[WHAT THE TASK ASKS]:
In your reply, reproduce the lines from the first one below to the line containing "Lemma oiso_inv_ohom C", inclusive, exactly as they stand.

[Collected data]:
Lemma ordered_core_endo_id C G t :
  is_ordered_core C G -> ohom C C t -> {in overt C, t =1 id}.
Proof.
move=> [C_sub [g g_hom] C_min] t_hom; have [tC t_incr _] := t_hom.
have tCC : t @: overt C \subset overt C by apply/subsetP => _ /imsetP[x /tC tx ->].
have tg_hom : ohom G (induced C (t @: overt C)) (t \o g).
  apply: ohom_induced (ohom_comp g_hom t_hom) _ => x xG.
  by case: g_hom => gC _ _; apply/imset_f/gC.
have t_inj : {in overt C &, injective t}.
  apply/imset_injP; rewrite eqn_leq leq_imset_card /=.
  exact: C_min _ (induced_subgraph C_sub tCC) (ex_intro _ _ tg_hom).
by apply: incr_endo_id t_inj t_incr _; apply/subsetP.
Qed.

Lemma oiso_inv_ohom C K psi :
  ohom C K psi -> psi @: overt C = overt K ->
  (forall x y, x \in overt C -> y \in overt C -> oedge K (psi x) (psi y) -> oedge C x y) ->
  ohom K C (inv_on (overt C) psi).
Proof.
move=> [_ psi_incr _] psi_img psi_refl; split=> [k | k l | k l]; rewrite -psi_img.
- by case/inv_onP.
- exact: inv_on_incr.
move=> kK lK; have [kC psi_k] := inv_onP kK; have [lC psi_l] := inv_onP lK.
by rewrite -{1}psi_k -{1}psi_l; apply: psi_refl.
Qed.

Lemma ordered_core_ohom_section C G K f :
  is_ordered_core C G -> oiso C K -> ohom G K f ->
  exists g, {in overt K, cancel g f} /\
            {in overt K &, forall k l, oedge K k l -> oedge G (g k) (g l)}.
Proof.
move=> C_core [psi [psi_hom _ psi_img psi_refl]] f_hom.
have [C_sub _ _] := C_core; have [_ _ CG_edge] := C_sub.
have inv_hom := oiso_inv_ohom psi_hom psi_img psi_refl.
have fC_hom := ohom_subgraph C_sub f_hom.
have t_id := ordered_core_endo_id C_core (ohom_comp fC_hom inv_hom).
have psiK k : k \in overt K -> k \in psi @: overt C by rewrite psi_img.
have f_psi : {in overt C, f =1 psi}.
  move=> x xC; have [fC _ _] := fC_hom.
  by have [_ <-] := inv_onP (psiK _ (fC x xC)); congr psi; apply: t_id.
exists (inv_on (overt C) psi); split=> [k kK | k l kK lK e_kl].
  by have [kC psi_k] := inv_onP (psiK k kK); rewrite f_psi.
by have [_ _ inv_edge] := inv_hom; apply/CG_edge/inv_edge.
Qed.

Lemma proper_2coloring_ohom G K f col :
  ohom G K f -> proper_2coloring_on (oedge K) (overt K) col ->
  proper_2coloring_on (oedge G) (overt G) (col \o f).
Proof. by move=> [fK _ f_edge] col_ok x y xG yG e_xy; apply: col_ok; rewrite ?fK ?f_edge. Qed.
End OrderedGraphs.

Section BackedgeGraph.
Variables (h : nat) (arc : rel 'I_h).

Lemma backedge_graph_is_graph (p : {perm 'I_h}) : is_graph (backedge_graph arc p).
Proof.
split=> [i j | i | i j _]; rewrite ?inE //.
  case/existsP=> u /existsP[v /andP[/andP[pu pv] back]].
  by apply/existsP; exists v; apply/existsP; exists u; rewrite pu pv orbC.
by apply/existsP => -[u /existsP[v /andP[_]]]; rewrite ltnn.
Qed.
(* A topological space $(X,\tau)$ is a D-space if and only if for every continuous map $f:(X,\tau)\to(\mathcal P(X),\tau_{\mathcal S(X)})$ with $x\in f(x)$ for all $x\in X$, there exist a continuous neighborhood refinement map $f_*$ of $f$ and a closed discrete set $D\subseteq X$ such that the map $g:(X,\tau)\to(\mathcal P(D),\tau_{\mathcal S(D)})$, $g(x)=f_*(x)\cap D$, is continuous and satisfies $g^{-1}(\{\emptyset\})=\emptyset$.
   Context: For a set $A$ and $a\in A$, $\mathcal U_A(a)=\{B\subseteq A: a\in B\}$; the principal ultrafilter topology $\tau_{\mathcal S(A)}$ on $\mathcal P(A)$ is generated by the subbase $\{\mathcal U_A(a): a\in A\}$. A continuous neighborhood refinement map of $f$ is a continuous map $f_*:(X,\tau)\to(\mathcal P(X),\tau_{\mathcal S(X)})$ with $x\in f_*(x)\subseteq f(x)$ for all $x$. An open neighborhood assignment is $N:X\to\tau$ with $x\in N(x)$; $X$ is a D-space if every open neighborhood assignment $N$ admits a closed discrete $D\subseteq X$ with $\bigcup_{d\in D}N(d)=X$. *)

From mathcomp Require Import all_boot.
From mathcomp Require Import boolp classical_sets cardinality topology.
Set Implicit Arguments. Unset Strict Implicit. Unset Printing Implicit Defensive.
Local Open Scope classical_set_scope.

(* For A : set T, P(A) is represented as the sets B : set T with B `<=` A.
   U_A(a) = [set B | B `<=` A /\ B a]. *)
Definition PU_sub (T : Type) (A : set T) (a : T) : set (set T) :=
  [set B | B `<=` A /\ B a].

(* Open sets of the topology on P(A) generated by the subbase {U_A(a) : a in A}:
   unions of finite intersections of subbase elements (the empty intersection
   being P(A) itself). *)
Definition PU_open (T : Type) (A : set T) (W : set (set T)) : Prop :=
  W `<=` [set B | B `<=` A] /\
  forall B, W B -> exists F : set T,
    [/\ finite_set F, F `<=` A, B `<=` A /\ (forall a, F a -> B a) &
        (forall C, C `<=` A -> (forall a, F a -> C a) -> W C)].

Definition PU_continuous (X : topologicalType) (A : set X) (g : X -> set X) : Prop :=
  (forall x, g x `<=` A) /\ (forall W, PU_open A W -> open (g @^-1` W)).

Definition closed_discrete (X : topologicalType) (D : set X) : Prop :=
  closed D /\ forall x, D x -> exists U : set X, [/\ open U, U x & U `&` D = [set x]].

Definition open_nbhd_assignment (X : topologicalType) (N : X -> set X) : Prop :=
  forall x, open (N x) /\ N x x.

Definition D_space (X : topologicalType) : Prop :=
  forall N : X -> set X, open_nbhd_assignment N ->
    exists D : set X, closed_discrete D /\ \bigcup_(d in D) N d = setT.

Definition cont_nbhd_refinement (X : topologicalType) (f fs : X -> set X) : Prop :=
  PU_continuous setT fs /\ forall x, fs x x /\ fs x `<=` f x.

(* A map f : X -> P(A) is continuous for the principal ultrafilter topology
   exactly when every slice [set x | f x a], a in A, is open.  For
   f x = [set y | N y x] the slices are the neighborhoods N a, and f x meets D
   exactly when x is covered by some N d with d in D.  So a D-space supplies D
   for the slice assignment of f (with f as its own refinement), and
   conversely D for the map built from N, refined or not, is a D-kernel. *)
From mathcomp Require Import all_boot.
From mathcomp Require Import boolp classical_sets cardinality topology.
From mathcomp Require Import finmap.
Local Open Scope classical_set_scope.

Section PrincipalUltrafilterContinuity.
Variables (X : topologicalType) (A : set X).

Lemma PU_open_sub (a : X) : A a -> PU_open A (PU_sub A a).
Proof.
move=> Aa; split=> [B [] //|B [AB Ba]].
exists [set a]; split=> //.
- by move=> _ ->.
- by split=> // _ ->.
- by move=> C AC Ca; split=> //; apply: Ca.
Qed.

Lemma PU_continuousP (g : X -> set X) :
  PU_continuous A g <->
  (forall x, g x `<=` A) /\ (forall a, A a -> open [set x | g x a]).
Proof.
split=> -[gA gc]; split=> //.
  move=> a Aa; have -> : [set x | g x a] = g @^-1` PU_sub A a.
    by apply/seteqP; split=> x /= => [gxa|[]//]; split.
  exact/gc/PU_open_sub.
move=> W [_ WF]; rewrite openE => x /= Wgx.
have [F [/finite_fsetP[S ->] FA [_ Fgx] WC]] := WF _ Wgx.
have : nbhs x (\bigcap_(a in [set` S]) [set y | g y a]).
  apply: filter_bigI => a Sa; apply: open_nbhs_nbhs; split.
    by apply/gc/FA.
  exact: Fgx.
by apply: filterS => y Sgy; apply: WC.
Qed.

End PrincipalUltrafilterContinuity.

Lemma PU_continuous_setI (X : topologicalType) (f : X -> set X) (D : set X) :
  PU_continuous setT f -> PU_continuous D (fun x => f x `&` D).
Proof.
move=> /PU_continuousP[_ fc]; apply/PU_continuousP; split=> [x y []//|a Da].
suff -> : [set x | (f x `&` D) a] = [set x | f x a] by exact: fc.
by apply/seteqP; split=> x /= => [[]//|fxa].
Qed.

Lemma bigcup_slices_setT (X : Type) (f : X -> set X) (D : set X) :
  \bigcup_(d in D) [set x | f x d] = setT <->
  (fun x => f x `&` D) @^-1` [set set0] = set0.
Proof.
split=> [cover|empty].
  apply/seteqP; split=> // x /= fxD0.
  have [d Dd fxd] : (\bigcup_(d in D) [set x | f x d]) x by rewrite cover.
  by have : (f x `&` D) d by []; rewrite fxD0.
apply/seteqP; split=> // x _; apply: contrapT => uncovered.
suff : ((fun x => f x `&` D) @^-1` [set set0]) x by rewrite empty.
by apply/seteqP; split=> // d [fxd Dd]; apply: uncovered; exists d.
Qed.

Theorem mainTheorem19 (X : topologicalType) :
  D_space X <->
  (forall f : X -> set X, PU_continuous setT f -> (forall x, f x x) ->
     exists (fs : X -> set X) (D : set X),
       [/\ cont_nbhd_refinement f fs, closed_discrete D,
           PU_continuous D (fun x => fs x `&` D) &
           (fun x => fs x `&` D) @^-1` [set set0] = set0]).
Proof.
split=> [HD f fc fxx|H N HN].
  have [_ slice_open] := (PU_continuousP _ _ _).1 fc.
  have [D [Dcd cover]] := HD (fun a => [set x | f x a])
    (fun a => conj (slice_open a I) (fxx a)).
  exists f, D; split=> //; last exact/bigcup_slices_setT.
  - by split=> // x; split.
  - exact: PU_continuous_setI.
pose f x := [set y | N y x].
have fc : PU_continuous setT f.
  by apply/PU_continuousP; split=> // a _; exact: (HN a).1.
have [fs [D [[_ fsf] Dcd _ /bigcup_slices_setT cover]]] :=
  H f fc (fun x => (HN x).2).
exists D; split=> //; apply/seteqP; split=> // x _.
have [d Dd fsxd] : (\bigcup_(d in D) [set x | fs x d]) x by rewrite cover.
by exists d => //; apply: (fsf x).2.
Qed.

[TASK SOLUTION]:
Lemma ordered_core_endo_id C G t :
  is_ordered_core C G -> ohom C C t -> {in overt C, t =1 id}.
Proof.
move=> [C_sub [g g_hom] C_min] t_hom; have [tC t_incr _] := t_hom.
have tCC : t @: overt C \subset overt C by apply/subsetP => _ /imsetP[x /tC tx ->].
have tg_hom : ohom G (induced C (t @: overt C)) (t \o g).
  apply: ohom_induced (ohom_comp g_hom t_hom) _ => x xG.
  by case: g_hom => gC _ _; apply/imset_f/gC.
have t_inj : {in overt C &, injective t}.
  apply/imset_injP; rewrite eqn_leq leq_imset_card /=.
  exact: C_min _ (induced_subgraph C_sub tCC) (ex_intro _ _ tg_hom).
by apply: incr_endo_id t_inj t_incr _; apply/subsetP.
Qed.

Lemma oiso_inv_ohom C K psi :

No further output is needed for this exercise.